The research activities of the modelling and estimation team are organized in four main interleaved axes:
Our work is focused on methodological studies with the interest and use of various mathematical tools and their application to societal issues in different domains such as Biology and health, Energy, Finance, Statistical physics, and Wireless communications.
Our activities here seek to take into account the nowadays scientific issues concerning the critical mass of data and their heterogeneity. Learning and extracting information from these large multivariate observations is a central challenge in current data systems. The methodological tools used for studying these issues mainly come from robust estimation theory, large random matrices theory, statistical analysis of multichannel data, tensor representations, or even statistical learning.
The works carried out studies and implement these methodological tools for problem-solving in various applications with large-scale data contexts. They can be found in a wide range of applications from antenna processing to financial mathematics problems (optimized detection algorithms, estimation of radar signal sources, robust estimation theory, hyperspectral imaging, biomedical imaging, …).
We are interested in issues related to event detection in signals and the estimation of related quantities. One of the areas that are heavily covered is signal processing for diagnostic. In this context, several approaches are considered by focusing on multivariate systems modeling aspects, subspaces characterization, extraction, characteristics analysis, for decision-making (anomaly detection, breakpoints estimation, …) and performance evaluation (estimators’ limitations, errors, bounds, …).
For this work, different kinds of applications are explored to validate the proposed methodological approaches. They are ranged from electromagnetic systems to medical applications via mechanical systems (converters, electrical machines, bearings, cables, materials, electrocardiograms, phono-cardiograms, etc.). Sometimes, specific analyzes are carried out (vibratory signals analysis, spectral analysis, imaging, etc.).
We are interested in modeling and statistically analyzing special functions that allow complex signals’ description and analysis. For example, the proposed work concerns study of problems related to Bessel functions or orthogonal polynomials’ Fourier transforms calculated over a restricted domain and Pearson random processes studies. This work focuses on modeling and using signals that can be temporally and spatially correlated, non-Gaussian, and non-linear.

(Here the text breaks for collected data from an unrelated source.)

Lemma stirling_gap_add2_le (d : nat) : (1 <= d)%nat ->
  stirling_gap (d + 2) <= stirling_gap d.
Proof.
intros hd. pose proof (stirling_gap_sub_add2 d hd).
assert (hx : 0 < INR d / 2) by (apply lt_0_INR in hd; lra).
pose proof (ln_succ_ratio_ge _ hx). lra.
Qed.

Lemma stirling_gap_corrected_le_add2 (d : nat) : (1 <= d)%nat ->
  stirling_gap d - / (6 * INR d) <= stirling_gap (d + 2) - / (6 * INR (d + 2)).
Proof.
intros hd. pose proof (stirling_gap_sub_add2 d hd).
assert (hx : 0 < INR d / 2) by (apply lt_0_INR in hd; lra).
pose proof (ln_succ_ratio_le _ hx).
replace (INR (d + 2)) with (INR d + 2) by (rewrite plus_INR; simpl; ring).
replace (/ (6 * INR d)) with (/ (12 * (INR d / 2))) by (field; lra).
replace (/ (6 * (INR d + 2))) with (/ (12 * (INR d / 2 + 1))) by (field; lra).
lra.
Qed.

Lemma stirling_gap_add_even_le (d j : nat) : (1 <= d)%nat ->
  stirling_gap (d + 2 * j) <= stirling_gap d.
Proof.
intros hd. induction j as [|j IH].
- rewrite Nat.add_0_r. lra.
- replace (d + 2 * S j)%nat with (d + 2 * j + 2)%nat by lia.
  pose proof (stirling_gap_add2_le (d + 2 * j) ltac:(lia)). lra.
Qed.

Lemma stirling_gap_add_even_ge (d j : nat) : (1 <= d)%nat ->
  stirling_gap d - / (6 * INR d) <= stirling_gap (d + 2 * j).
Proof.
intros hd.
enough (h : stirling_gap d - / (6 * INR d)
            <= stirling_gap (d + 2 * j) - / (6 * INR (d + 2 * j))).
{ assert (0 < / (6 * INR (d + 2 * j))) by (apply Rinv_0_lt_compat, Rmult_lt_0_compat;
    [lra|apply lt_0_INR; lia]). lra. }
induction j as [|j IH].
- rewrite Nat.add_0_r. lra.
- replace (d + 2 * S j)%nat with (d + 2 * j + 2)%nat by lia.
  pose proof (stirling_gap_corrected_le_add2 (d + 2 * j) ltac:(lia)). lra.
Qed.

Definition wallis_int (k : nat) : R := RInt (fun x => sin x ^ k) 0 (PI / 2).

Lemma continuous_sin_pow (k : nat) (x : R) : continuous (fun y => sin y ^ k) x.
Proof.
apply (continuous_comp sin (fun y => y ^ k)); apply continuity_pt_filterlim.
- apply continuity_sin.
- apply derivable_continuous_pt, derivable_pt_pow.
Qed.

Lemma ex_RInt_sin_pow (k : nat) : ex_RInt (fun x => sin x ^ k) 0 (PI / 2).
Proof.
apply (ex_RInt_continuous (V := R_CompleteNormedModule)).
intros z _. apply continuous_sin_pow.
Qed.

(* Integration by parts, [d/dx (- cos x sin^(k+1) x) = (k+2) sin^(k+2) x - (k+1) sin^k x]. *)
Lemma wallis_int_add2 (k : nat) :
  INR (k + 2) * wallis_int (k + 2) = INR (k + 1) * wallis_int k.
Proof.
pose proof PI_RGT_0.
set (g x := INR (k + 2) * sin x ^ (k + 2) - INR (k + 1) * sin x ^ k).
set (F x := - cos x * sin x ^ (k + 1)).
assert (hF : is_RInt g 0 (PI / 2) (minus (F (PI / 2)) (F 0))).
{ apply (is_RInt_derive (V := R_CompleteNormedModule) F).
  - intros x _. unfold F, g. auto_derive; [exact I|].
    replace (k + 2)%nat with (S (S k)) by lia. replace (k + 1)%nat with (S k) by lia.
    rewrite !S_INR. simpl pred. simpl pow.
    assert (hcos : cos x * cos x = 1 - sin x * sin x)
      by (pose proof (sin2_cos2 x); unfold Rsqr in *; lra).
    transitivity (sin x * sin x * sin x ^ k
                  - (INR k + 1) * (cos x * cos x) * sin x ^ k); [ring|].
    rewrite hcos. ring.
  - intros x _. apply (continuous_minus (V := R_NormedModule));
      apply (continuous_scal_r (K := R_AbsRing) (V := R_NormedModule)), continuous_sin_pow. }
assert (hg : is_RInt g 0 (PI / 2)
               (INR (k + 2) * wallis_int (k + 2) - INR (k + 1) * wallis_int k)).
{ apply (is_RInt_minus (V := R_NormedModule)); apply (is_RInt_scal (V := R_NormedModule));
    apply (RInt_correct (V := R_CompleteNormedModule)), ex_RInt_sin_pow. }
assert (hF0 : minus (F (PI / 2)) (F 0) = 0).
{ unfold F, minus, plus, opp; simpl. rewrite cos_PI2, sin_0, cos_0, Nat.add_1_r. simpl. ring. }
pose proof (is_RInt_unique _ _ _ _ hF). pose proof (is_RInt_unique _ _ _ _ hg). lra.
Qed.

Lemma wallis_int_0 : wallis_int 0 = PI / 2.
Proof. unfold wallis_int. simpl pow. rewrite RInt_const. cbn. ring. Qed.

Lemma wallis_int_1 : wallis_int 1 = 1.
Proof.
assert (h : is_RInt (fun x => sin x ^ 1) 0 (PI / 2) (minus (- cos (PI / 2)) (- cos 0))).
{ apply (is_RInt_derive (V := R_CompleteNormedModule) (fun x => - cos x)).
  - intros x _. auto_derive; [exact I|]. ring.
  - intros x _. apply continuous_sin_pow. }
unfold wallis_int. rewrite (is_RInt_unique _ _ _ _ h), cos_PI2, cos_0.
unfold minus, plus, opp; simpl. ring.
Qed.

Lemma wallis_int_succ_le (k : nat) : wallis_int (S k) <= wallis_int k.
Proof.
pose proof PI_RGT_0.
apply RInt_le; try apply ex_RInt_sin_pow; [lra|].
intros x hx. simpl pow.
assert (0 <= sin x) by (apply sin_ge_0; lra). pose proof (SIN_bound x).
pose proof (pow_le (sin x) k ltac:(lra)). nra.
Qed.

Lemma wallis_int_even (n : nat) :
  wallis_int (2 * n) = PI / 2 * INR (fact (2 * n)) / (4 ^ n * INR (fact n) ^ 2).
Proof.
induction n as [|n IH].
- rewrite Nat.mul_0_r, wallis_int_0. simpl. field.
- pose proof (wallis_int_add2 (2 * n)) as hr.
  replace (2 * n + 2)%nat with (S (S (2 * n))) in hr by lia.
  replace (2 * S n)%nat with (S (S (2 * n))) by lia.
  apply (Rmult_eq_reg_l (INR (S (S (2 * n))))); [|apply not_0_INR; lia].
  rewrite hr, IH, !fact_simpl, Nat.add_1_r, !mult_INR, !S_INR, mult_INR.
  pose proof (INR_fact_lt_0 n). pose proof (INR_fact_lt_0 (2 * n)). pose proof (pos_INR n).
  pose proof (pow_lt 4 n ltac:(lra)).
  simpl pow. simpl (INR 2). field. lra.
Qed.

Lemma wallis_int_odd (n : nat) :
  wallis_int (2 * n + 1) = 4 ^ n * INR (fact n) ^ 2 / INR (fact (2 * n + 1)).
Proof.
induction n as [|n IH].
- rewrite Nat.mul_0_r, Nat.add_0_l, wallis_int_1. simpl. field.
- pose proof (wallis_int_add2 (2 * n + 1)) as hr.
  replace (2 * n + 1 + 2)%nat with (S (S (2 * n + 1))) in hr by lia.
  replace (2 * S n + 1)%nat with (S (S (2 * n + 1))) by lia.
  apply (Rmult_eq_reg_l (INR (S (S (2 * n + 1))))); [|apply not_0_INR; lia].
  rewrite hr, IH, !fact_simpl, !mult_INR, !S_INR, !plus_INR, mult_INR.
  pose proof (INR_fact_lt_0 n). pose proof (INR_fact_lt_0 (2 * n + 1)). pose proof (pos_INR n).
  simpl pow. simpl (INR 2). simpl (INR 1). field. lra.
Qed.

(* [wallis_int (2k+2) <= wallis_int (2k+1)] with the closed forms substituted. *)
Lemma wallis_ineq (k : nat) :
  PI * INR (fact (2 * k + 1)) ^ 2 <= INR (S k) * 4 ^ (2 * k + 1) * INR (fact k) ^ 4.
Proof.
pose proof (wallis_int_succ_le (2 * k + 1)) as hm.
replace (S (2 * k + 1)) with (2 * S k)%nat in hm by lia.
rewrite wallis_int_even, wallis_int_odd in hm.
replace (2 * S k)%nat with (S (2 * k + 1)) in hm by lia.
rewrite !fact_simpl, !mult_INR in hm.
replace (INR (S (2 * k + 1))) with (2 * INR (S k)) in hm
  by (rewrite !S_INR, plus_INR, mult_INR; simpl; ring).
pose proof (INR_fact_lt_0 k). pose proof (INR_fact_lt_0 (2 * k + 1)).
pose proof (pow_lt 4 k ltac:(lra)). pose proof PI_RGT_0. pose proof (lt_0_INR (S k) ltac:(lia)).
set (a := INR (fact (2 * k + 1))) in *. set (b := INR (fact k)) in *. set (n := INR (S k)) in *.
replace (4 ^ (2 * k + 1)) with (4 * (4 ^ k) ^ 2)
  by (rewrite pow_add, (Nat.mul_comm 2 k), pow_mult; simpl; ring).
replace (4 ^ S k) with (4 * 4 ^ k) in hm by (simpl; ring).
assert (hc : 0 < 4 * 4 ^ k * n * b ^ 2 * a) by (repeat apply Rmult_lt_0_compat; nra).
apply (Rmult_le_compat_r _ _ _ (Rlt_le _ _ hc)) in hm.
replace (PI / 2 * (2 * n * a) / (4 * 4 ^ k * (n * b) ^ 2) * (4 * 4 ^ k * n * b ^ 2 * a))
  with (PI * a ^ 2) in hm by (field; lra).
replace (4 ^ k * b ^ 2 / a * (4 * 4 ^ k * n * b ^ 2 * a))
  with (n * (4 * (4 ^ k) ^ 2) * b ^ 4) in hm by (field; lra).
exact hm.
Qed.

Lemma ln_sqrt (x : R) : 0 < x -> ln (sqrt x) = ln x / 2.
Proof.
intros hx. assert (h : ln (sqrt x * sqrt x) = ln x) by (rewrite sqrt_sqrt; lra).
rewrite ln_mult in h by (apply sqrt_lt_R0; lra). lra.
Qed.

Lemma INR_double_half (n : nat) : INR (2 * n) / 2 = INR n.
Proof. rewrite mult_INR. simpl. field. Qed.

Lemma stirling_gap_dup (n : nat) : (1 <= n)%nat ->
  stirling_gap (4 * n) <= stirling_gap (2 * n) + stirling_gap (2 * n + 1).
Proof.
intros hn. destruct n as [|k]; [lia|].
pose proof (lt_0_INR (S k) ltac:(lia)) as hN. set (N := INR (S k)) in *.
pose proof PI_RGT_0. pose proof (Gamma_half_pos (2 * S k) ltac:(lia)).
pose proof (Gamma_half_pos (2 * S k + 1) ltac:(lia)).
pose proof (Gamma_half_pos (4 * S k) ltac:(lia)).
pose proof (pow_lt 4 (S k) ltac:(lra)). pose proof (sqrt_lt_R0 PI ltac:(lra)).
assert (hdup := f_equal ln (Gamma_half_dup k)).
rewrite !ln_mult, ln_pow, ln_sqrt in hdup by
  (lra || apply Rmult_lt_0_compat; lra).
unfold stirling_gap.
replace (INR (4 * S k) / 2) with (2 * N) by
  (unfold N; rewrite mult_INR, S_INR; simpl; field).
replace (INR (2 * S k + 1) / 2) with (N + / 2) by
  (unfold N; rewrite plus_INR, mult_INR, S_INR; simpl; field).
rewrite INR_double_half. fold N.
assert (hinv : 0 < / (2 * N)) by (apply Rinv_0_lt_compat; lra).
replace (ln (N + / 2)) with (ln N + ln (1 + / (2 * N)))
  by (rewrite <- ln_mult by lra; f_equal; field; lra).
rewrite (ln_mult 2 N), (ln_mult 2 PI) by lra. fold N in hdup.
replace (ln 4) with (2 * ln 2) in hdup by
  (replace 4 with (2 * 2) by ring; rewrite ln_mult by lra; ring).
assert (N * ln (1 + / (2 * N)) <= / 2).
{ replace (/ 2) with (N * / (2 * N)) by (field; lra).
  apply Rmult_le_compat_l; [lra|]. left; apply ln_1plus_lt; lra. }
nra.
Qed.

Lemma stirling_gap_double (n : nat) : (1 <= n)%nat ->
  stirling_gap (4 * n) <= 2 * stirling_gap (2 * n).
Proof.
intros hn. destruct n as [|k]; [lia|].
pose proof (lt_0_INR (S k) ltac:(lia)) as hN. set (N := INR (S k)) in *.
pose proof PI_RGT_0. pose proof (INR_fact_lt_0 k). pose proof (INR_fact_lt_0 (2 * k + 1)).
pose proof (wallis_ineq k) as hw. fold N in hw.
apply ln_le in hw; [|apply Rmult_lt_0_compat; [|apply pow_lt]; lra].
rewrite !ln_mult, !ln_pow in hw by
  (repeat (lra || apply Rmult_lt_0_compat || apply pow_lt)).
replace (ln 4) with (2 * ln 2) in hw by
  (replace 4 with (2 * 2) by ring; rewrite ln_mult by lra; ring).
replace (INR (2 * k + 1)) with (2 * N - 1) in hw by
  (unfold N; rewrite plus_INR, mult_INR, S_INR; simpl; ring).
simpl (INR 2) in hw. simpl (INR 4) in hw.
unfold stirling_gap.
replace (4 * S k)%nat with (2 * S (2 * k + 1))%nat by lia.
rewrite !Gamma_half_even, !INR_double_half.
replace (INR (S (2 * k + 1))) with (2 * N) by (unfold N; rewrite !S_INR, plus_INR, mult_INR; simpl; ring).
fold N. rewrite (ln_mult 2 N), (ln_mult 2 PI) by lra.
lra.
Qed.

Lemma no_uniform_descent (u : nat -> R) (L eta : R) :
  (forall j, L <= u j) -> (forall j, u (S j) <= u j - eta) -> eta <= 0.
Proof.
intros hlow hstep. apply Rnot_lt_le; intros heta.
assert (hdecr : forall j, u j <= u 0%nat - INR j * eta).
{ induction j as [|j IH]; [simpl; lra|]. rewrite S_INR. pose proof (hstep j). lra. }
destruct (INR_archimed eta (u 0%nat - L) heta) as [j hj].
pose proof (hdecr j). pose proof (hlow j). lra.
Qed.

Lemma pow2_mul_pos (j n : nat) : (1 <= n)%nat -> (1 <= 2 ^ j * n)%nat.
Proof. intros hn. pose proof (Nat.pow_nonzero 2 j ltac:(lia)). nia. Qed.

Lemma stirling_gap_dyadic_ge (j n : nat) : (1 <= n)%nat ->
  stirling_gap 2 - / (6 * INR 2) <= stirling_gap (2 * (2 ^ j * n)).
Proof.
intros hn. pose proof (pow2_mul_pos j n hn).
replace (2 * (2 ^ j * n))%nat with (2 + 2 * (2 ^ j * n - 1))%nat by lia.
apply stirling_gap_add_even_ge. lia.
Qed.

(* If the gap were negative at some [2n], doubling [n] repeatedly would drive it to [-oo]. *)
Lemma stirling_gap_even_nonneg (n : nat) : (1 <= n)%nat -> 0 <= stirling_gap (2 * n).
Proof.
intros hn. apply Rnot_lt_le; intros hneg.
set (u j := stirling_gap (2 * (2 ^ j * n))).
assert (hu0 : u 0%nat = stirling_gap (2 * n)) by (unfold u; now rewrite Nat.pow_0_r, Nat.mul_1_l).
assert (hstep : forall j, u (S j) <= 2 * u j).
{ intros j. unfold u. replace (2 * (2 ^ S j * n))%nat with (4 * (2 ^ j * n))%nat by (simpl; lia).
  apply stirling_gap_double, pow2_mul_pos, hn. }
assert (hu_le : forall j, u j <= u 0%nat).
{ induction j as [|j IH]; [lra|]. pose proof (hstep j). lra. }
enough (- u 0%nat <= 0) by lra.
apply (no_uniform_descent u (stirling_gap 2 - / (6 * INR 2))).
- intros j. apply stirling_gap_dyadic_ge, hn.
- intros j. pose proof (hstep j). pose proof (hu_le j). lra.
Qed.

(* A negative gap at [2m+1] bounds the gap at all larger odd indices, so by duplication
   each doubling lowers the even gap by a fixed amount. *)
Lemma stirling_gap_odd_nonneg (m : nat) : 0 <= stirling_gap (2 * m + 1).
Proof.
apply Rnot_lt_le; intros hneg.
set (u j := stirling_gap (2 * (2 ^ j * S m))).
apply (Rlt_not_le _ _ hneg), Ropp_le_cancel. rewrite Ropp_0.
apply (no_uniform_descent u (stirling_gap 2 - / (6 * INR 2))).
- intros j. apply stirling_gap_dyadic_ge. lia.
- intros j. pose proof (pow2_mul_pos j (S m) ltac:(lia)) as hN.
  unfold u. replace (2 * (2 ^ S j * S m))%nat with (4 * (2 ^ j * S m))%nat by (simpl; lia).
  pose proof (stirling_gap_dup _ hN).
  pose proof (stirling_gap_add_even_le (2 * m + 1) (2 ^ j * S m - m) ltac:(lia)).
  replace (2 * m + 1 + 2 * (2 ^ j * S m - m))%nat with (2 * (2 ^ j * S m) + 1)%nat in *
    by (pose proof (Nat.pow_nonzero 2 j ltac:(lia)); nia).
  lra.
Qed.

Various applications are dealt with. Particular attention is paid to financial series processing, antenna or radar processing problems (sources location, tensors, multi-sensors, non-uniform sampling, etc.), signal processing for biology and medicine, and signal processing for environmental problems.
This work concerns both the field of planning and analyzing numerical experience but also stochastic analysis and optimization. For example, this involves solving minimization of continuous function problems that are not necessarily convex or even probabilities optimization and estimation. Moreover, it will also concern multi-fidelity stochastic simulators solving problems by relying on an original use of sequential Monte Carlo methods.
The application fields concern stochastic simulation for fire safety, the uncertainty propagation study within dynamic continuous-time systems applied to the resource allocation problem in wireless communication systems, the stochastic control application for wind turbine production optimization, or parameters identification in stochastic networks for biomedical and ecological engineering.